▶ **Problem to work on**
Your answer should hold exactly the lines from the one with "- by move=> s; apply: jprob_sum1." through the final line of the data below, reproduced as written.

(Stored items)

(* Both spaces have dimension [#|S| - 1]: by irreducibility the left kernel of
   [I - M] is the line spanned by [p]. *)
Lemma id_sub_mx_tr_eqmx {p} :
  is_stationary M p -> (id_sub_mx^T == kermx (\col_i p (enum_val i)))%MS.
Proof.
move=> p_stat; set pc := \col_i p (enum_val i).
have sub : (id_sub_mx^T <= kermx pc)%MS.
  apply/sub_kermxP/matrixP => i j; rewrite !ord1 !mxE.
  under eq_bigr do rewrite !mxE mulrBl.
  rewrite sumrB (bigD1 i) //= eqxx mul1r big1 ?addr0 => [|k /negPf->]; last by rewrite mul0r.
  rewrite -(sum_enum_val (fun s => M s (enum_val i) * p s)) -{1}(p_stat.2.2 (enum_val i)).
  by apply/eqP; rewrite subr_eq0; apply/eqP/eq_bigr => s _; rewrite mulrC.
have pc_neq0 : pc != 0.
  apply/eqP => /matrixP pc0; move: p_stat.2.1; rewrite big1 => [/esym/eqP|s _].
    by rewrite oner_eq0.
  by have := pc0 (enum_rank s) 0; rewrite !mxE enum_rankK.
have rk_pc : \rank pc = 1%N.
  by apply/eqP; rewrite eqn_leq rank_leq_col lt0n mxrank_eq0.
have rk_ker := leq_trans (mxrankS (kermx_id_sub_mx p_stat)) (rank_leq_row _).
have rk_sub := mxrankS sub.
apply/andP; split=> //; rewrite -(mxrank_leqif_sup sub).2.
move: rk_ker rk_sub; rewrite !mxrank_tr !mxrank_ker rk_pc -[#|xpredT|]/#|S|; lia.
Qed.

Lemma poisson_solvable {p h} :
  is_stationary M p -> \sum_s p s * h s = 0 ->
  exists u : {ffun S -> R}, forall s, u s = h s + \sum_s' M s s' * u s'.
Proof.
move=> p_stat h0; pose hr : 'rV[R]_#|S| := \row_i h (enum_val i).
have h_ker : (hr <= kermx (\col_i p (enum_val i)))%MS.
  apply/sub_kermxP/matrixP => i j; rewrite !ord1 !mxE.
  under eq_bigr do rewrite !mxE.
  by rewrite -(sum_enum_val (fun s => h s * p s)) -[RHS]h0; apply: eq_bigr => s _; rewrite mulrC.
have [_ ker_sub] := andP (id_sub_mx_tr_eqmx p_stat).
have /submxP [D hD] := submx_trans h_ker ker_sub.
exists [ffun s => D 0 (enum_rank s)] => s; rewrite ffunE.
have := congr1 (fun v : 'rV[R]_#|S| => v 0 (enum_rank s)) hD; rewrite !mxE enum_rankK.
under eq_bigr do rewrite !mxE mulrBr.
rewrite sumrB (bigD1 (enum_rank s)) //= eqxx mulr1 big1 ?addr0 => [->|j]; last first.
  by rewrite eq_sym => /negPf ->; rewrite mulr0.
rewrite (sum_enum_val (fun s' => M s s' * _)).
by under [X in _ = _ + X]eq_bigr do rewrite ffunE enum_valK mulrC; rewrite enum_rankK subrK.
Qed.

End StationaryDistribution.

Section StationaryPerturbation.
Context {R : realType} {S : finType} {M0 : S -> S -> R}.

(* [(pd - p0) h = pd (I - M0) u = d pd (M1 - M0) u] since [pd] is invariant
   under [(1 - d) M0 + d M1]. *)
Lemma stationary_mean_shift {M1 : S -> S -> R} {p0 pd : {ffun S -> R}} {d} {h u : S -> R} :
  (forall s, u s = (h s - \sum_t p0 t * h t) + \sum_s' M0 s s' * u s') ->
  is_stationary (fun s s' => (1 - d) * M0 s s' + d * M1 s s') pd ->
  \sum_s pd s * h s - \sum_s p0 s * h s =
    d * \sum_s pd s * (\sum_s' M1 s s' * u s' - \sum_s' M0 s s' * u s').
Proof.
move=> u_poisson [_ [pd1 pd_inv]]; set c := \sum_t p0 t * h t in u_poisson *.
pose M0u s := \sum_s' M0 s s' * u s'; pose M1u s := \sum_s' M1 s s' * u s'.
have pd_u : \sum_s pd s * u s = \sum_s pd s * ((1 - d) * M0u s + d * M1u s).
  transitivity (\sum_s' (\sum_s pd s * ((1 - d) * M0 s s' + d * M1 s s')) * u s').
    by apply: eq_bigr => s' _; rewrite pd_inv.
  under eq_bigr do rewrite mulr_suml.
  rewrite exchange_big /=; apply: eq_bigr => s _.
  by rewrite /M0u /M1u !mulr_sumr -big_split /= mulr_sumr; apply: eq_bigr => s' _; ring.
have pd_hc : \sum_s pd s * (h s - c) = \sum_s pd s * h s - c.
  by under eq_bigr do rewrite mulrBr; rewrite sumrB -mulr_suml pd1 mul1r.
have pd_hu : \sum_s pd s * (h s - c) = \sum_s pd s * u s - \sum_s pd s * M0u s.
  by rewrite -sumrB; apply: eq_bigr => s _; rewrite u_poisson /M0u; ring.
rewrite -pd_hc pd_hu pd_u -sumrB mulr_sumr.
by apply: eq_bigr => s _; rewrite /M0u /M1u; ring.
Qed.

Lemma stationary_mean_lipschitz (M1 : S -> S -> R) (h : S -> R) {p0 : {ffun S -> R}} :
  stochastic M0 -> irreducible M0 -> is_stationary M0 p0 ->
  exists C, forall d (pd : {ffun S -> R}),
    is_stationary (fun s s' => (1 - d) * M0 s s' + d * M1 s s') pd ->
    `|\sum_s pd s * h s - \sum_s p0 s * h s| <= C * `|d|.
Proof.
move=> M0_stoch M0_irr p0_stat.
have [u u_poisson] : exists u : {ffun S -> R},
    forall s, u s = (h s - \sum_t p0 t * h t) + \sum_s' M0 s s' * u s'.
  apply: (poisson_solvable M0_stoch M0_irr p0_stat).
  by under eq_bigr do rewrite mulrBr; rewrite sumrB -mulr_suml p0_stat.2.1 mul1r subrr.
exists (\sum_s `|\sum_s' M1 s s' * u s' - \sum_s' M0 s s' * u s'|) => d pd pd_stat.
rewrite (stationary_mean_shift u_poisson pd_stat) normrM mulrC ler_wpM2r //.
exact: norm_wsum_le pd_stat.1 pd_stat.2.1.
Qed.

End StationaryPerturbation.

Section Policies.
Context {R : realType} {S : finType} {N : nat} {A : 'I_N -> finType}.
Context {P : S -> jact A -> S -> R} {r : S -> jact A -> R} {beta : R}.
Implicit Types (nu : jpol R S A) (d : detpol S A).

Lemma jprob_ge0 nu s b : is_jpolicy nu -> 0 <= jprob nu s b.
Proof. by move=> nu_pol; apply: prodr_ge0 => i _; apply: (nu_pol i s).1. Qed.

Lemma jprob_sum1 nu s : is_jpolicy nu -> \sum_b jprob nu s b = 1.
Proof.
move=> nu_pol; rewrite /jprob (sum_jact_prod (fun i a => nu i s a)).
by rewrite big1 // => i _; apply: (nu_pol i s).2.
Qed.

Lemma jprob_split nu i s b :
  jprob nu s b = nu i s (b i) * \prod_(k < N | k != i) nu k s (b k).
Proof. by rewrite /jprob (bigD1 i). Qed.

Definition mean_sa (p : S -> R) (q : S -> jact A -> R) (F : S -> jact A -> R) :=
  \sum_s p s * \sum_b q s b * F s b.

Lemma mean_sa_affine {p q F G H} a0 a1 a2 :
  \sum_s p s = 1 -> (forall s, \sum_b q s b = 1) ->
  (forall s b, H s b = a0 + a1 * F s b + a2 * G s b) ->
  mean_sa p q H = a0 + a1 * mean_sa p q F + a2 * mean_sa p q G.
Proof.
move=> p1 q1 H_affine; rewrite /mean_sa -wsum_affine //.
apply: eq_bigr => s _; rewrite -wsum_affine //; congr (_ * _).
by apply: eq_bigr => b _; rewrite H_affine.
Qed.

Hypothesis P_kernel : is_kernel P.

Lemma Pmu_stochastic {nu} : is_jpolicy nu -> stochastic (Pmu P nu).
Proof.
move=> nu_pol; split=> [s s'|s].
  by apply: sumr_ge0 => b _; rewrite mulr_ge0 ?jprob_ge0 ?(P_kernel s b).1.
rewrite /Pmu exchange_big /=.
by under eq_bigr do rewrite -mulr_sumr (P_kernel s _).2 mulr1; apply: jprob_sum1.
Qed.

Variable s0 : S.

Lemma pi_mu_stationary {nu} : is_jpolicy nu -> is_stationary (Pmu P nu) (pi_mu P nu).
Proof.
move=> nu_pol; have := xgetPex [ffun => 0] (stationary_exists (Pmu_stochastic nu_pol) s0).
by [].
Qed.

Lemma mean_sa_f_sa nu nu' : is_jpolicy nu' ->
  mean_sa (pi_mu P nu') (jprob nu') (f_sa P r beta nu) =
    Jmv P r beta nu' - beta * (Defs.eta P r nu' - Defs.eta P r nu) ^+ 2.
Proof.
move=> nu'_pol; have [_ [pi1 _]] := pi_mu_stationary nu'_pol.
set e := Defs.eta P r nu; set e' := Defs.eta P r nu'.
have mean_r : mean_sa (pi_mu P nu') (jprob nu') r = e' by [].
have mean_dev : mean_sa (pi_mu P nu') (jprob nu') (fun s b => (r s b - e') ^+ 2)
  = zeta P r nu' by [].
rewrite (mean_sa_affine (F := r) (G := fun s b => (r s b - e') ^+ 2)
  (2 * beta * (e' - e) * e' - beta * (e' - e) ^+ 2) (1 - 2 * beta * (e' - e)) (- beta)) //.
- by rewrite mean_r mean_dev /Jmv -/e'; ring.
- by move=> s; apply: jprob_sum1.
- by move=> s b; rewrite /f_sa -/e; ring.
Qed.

▶ **Reply to the task**
- by move=> s; apply: jprob_sum1.
- by move=> s b; rewrite /f_sa -/e; ring.
Qed.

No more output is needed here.